Saved entries:
▬▬▬▬▬▬▬▬▬▬

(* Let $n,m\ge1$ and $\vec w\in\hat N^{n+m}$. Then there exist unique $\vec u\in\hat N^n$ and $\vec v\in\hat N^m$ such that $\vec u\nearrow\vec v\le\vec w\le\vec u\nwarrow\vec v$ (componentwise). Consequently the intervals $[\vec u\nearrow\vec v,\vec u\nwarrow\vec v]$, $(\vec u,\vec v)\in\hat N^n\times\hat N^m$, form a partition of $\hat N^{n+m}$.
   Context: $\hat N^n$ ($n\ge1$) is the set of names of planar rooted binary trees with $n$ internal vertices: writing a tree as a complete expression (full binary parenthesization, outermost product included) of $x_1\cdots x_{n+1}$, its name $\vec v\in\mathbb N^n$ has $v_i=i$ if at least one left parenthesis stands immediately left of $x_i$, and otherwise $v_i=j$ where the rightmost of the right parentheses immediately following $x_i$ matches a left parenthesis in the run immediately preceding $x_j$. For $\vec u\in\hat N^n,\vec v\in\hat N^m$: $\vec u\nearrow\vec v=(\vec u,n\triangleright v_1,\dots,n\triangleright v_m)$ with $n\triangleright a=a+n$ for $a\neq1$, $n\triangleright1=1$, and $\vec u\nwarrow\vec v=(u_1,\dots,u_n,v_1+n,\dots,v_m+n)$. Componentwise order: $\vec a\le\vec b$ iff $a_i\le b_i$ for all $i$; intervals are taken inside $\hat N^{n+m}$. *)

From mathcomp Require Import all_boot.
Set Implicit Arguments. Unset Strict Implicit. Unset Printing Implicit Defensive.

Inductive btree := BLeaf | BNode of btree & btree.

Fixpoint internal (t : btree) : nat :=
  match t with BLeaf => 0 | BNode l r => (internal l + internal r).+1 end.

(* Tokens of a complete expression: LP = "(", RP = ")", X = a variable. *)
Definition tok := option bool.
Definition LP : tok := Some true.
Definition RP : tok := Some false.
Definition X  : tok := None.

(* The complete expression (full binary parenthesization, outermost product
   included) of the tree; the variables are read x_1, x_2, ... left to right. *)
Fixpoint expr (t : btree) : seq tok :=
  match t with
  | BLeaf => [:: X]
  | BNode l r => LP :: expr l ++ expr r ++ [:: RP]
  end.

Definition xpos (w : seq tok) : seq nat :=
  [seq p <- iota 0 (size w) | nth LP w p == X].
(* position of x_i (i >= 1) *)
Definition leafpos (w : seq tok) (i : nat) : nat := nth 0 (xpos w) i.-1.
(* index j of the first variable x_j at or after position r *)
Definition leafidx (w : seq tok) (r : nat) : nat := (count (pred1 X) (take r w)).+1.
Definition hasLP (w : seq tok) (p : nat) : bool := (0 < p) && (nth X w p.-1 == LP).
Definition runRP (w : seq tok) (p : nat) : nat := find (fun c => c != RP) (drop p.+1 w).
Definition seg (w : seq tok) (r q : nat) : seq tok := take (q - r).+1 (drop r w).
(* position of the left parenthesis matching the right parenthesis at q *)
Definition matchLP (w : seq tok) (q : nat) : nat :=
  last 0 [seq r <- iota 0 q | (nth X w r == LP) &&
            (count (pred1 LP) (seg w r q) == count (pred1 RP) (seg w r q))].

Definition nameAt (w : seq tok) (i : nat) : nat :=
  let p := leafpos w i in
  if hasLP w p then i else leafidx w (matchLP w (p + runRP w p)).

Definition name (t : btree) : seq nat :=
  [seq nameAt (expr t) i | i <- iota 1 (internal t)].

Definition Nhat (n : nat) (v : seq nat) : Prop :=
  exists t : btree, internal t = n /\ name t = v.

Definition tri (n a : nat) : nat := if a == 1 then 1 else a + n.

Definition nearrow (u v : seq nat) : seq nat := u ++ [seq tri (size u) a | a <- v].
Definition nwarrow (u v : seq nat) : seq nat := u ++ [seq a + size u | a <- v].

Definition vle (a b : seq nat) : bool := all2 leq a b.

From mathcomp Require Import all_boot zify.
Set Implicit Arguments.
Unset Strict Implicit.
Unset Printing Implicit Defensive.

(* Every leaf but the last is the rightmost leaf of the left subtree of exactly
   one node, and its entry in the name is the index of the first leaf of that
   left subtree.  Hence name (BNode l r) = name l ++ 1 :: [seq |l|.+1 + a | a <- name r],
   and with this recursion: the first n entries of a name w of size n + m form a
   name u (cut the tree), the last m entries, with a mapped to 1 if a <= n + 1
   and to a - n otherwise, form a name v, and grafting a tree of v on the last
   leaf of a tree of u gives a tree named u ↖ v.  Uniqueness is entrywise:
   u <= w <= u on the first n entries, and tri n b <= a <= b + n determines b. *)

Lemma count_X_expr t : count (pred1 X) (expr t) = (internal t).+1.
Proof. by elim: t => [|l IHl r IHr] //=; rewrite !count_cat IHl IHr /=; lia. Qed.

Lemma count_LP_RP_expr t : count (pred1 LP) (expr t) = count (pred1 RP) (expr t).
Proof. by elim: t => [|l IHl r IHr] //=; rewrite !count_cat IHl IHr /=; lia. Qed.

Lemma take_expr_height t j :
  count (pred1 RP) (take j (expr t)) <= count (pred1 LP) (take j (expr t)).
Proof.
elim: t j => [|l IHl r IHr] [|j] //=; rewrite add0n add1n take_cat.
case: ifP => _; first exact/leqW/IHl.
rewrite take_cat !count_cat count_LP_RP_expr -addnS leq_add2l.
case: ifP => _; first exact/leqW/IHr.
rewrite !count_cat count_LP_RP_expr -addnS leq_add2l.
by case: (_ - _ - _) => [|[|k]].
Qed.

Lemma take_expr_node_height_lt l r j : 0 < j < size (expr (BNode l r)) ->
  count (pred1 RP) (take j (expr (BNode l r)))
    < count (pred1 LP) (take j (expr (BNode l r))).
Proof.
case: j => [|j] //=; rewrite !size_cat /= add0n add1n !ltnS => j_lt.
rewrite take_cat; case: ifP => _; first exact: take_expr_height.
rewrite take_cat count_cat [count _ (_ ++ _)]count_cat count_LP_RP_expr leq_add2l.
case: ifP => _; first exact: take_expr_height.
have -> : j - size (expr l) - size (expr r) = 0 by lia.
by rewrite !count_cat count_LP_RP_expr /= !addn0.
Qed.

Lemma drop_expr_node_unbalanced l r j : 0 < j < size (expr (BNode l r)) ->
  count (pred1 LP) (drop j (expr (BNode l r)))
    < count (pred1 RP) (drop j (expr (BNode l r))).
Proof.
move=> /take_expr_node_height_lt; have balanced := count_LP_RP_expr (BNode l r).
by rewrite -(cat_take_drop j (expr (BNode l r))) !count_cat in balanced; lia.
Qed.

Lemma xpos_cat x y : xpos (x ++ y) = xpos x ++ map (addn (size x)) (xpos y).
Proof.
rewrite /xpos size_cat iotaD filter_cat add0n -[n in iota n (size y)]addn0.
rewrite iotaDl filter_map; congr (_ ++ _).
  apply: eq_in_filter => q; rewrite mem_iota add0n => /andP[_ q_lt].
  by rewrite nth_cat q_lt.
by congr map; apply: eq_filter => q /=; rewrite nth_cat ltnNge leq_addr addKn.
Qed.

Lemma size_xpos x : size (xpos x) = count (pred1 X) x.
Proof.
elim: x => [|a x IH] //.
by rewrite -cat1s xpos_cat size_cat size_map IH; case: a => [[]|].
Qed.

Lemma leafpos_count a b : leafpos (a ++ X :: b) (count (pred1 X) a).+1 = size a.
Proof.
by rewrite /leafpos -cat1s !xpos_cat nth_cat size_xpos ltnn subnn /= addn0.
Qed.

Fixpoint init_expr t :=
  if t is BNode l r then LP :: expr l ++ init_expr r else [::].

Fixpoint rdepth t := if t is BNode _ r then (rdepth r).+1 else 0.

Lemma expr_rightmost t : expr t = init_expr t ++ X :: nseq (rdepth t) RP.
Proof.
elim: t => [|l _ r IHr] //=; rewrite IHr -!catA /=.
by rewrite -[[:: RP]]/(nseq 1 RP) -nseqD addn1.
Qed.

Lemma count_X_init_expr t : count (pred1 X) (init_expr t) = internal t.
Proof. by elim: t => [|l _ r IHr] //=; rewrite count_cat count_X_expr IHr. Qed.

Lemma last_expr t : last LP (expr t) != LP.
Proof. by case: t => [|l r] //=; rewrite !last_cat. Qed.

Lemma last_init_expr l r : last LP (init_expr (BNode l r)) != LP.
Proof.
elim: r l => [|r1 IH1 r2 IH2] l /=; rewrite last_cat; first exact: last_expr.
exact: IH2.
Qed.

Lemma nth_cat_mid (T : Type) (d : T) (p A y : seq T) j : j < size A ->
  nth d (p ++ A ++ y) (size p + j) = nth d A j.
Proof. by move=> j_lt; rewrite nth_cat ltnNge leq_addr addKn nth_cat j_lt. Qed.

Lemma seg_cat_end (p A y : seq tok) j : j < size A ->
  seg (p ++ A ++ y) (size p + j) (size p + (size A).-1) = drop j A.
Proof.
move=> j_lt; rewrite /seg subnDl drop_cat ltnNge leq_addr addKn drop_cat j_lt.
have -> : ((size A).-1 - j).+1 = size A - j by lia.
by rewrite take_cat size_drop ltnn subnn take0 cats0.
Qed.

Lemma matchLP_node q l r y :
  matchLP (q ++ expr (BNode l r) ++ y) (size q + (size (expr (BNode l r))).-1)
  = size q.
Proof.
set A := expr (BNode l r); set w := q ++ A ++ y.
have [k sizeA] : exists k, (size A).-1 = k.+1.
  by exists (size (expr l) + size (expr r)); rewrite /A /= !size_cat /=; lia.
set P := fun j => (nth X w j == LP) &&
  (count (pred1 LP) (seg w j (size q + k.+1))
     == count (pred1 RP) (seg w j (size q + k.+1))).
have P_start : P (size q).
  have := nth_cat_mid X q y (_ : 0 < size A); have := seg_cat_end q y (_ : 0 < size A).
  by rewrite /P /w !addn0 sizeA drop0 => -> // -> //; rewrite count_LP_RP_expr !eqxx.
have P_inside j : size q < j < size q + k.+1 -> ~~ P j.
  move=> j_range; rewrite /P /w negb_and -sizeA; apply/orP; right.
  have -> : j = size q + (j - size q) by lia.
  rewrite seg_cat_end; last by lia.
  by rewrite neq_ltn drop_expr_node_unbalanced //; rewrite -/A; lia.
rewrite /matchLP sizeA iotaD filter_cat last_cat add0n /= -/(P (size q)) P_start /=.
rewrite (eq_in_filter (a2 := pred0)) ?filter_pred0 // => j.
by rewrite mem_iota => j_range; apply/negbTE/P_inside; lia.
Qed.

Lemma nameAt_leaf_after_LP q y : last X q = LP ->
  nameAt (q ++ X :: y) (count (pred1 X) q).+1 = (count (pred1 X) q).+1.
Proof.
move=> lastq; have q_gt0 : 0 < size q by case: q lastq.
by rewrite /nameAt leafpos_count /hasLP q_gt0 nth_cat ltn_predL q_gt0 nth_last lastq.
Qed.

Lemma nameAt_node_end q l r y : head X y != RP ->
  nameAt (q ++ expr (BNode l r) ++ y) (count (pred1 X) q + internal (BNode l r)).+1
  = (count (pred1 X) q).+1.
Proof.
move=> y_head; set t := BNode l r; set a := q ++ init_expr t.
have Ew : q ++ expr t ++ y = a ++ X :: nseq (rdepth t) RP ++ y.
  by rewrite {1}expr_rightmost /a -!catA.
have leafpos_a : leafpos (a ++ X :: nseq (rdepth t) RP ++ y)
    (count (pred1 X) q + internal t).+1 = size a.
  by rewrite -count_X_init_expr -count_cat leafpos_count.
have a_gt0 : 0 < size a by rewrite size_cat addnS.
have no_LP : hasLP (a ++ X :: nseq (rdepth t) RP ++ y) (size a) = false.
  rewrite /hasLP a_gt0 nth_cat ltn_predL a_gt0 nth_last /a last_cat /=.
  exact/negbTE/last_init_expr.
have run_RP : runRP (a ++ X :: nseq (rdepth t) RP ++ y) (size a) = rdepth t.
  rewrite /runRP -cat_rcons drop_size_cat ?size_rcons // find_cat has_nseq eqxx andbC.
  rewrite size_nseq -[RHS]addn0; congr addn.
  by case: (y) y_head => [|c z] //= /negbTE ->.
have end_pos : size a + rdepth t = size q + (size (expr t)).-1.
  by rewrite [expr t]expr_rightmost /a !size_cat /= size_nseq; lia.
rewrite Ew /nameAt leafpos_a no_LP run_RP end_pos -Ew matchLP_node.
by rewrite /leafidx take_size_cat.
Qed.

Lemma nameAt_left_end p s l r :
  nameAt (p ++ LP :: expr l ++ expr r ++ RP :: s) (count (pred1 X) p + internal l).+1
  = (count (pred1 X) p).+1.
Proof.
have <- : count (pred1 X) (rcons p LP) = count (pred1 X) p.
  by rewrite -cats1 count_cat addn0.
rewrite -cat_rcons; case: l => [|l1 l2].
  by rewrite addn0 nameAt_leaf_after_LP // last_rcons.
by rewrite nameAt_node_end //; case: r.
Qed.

▬▬▬▬▬▬▬▬▬▬

Directions for this task => Please reproduce the closing stretch of the records, from the line with "have leafpos_a : leafpos" through the last line, exactly as it stands.

Response =>
have leafpos_a : leafpos (a ++ X :: nseq (rdepth t) RP ++ y)
    (count (pred1 X) q + internal t).+1 = size a.
  by rewrite -count_X_init_expr -count_cat leafpos_count.
have a_gt0 : 0 < size a by rewrite size_cat addnS.
have no_LP : hasLP (a ++ X :: nseq (rdepth t) RP ++ y) (size a) = false.
  rewrite /hasLP a_gt0 nth_cat ltn_predL a_gt0 nth_last /a last_cat /=.
  exact/negbTE/last_init_expr.
have run_RP : runRP (a ++ X :: nseq (rdepth t) RP ++ y) (size a) = rdepth t.
  rewrite /runRP -cat_rcons drop_size_cat ?size_rcons // find_cat has_nseq eqxx andbC.
  rewrite size_nseq -[RHS]addn0; congr addn.
  by case: (y) y_head => [|c z] //= /negbTE ->.
have end_pos : size a + rdepth t = size q + (size (expr t)).-1.
  by rewrite [expr t]expr_rightmost /a !size_cat /= size_nseq; lia.
rewrite Ew /nameAt leafpos_a no_LP run_RP end_pos -Ew matchLP_node.
by rewrite /leafidx take_size_cat.
Qed.

Lemma nameAt_left_end p s l r :
  nameAt (p ++ LP :: expr l ++ expr r ++ RP :: s) (count (pred1 X) p + internal l).+1
  = (count (pred1 X) p).+1.
Proof.
have <- : count (pred1 X) (rcons p LP) = count (pred1 X) p.
  by rewrite -cats1 count_cat addn0.
rewrite -cat_rcons; case: l => [|l1 l2].
  by rewrite addn0 nameAt_leaf_after_LP // last_rcons.
by rewrite nameAt_node_end //; case: r.
Qed.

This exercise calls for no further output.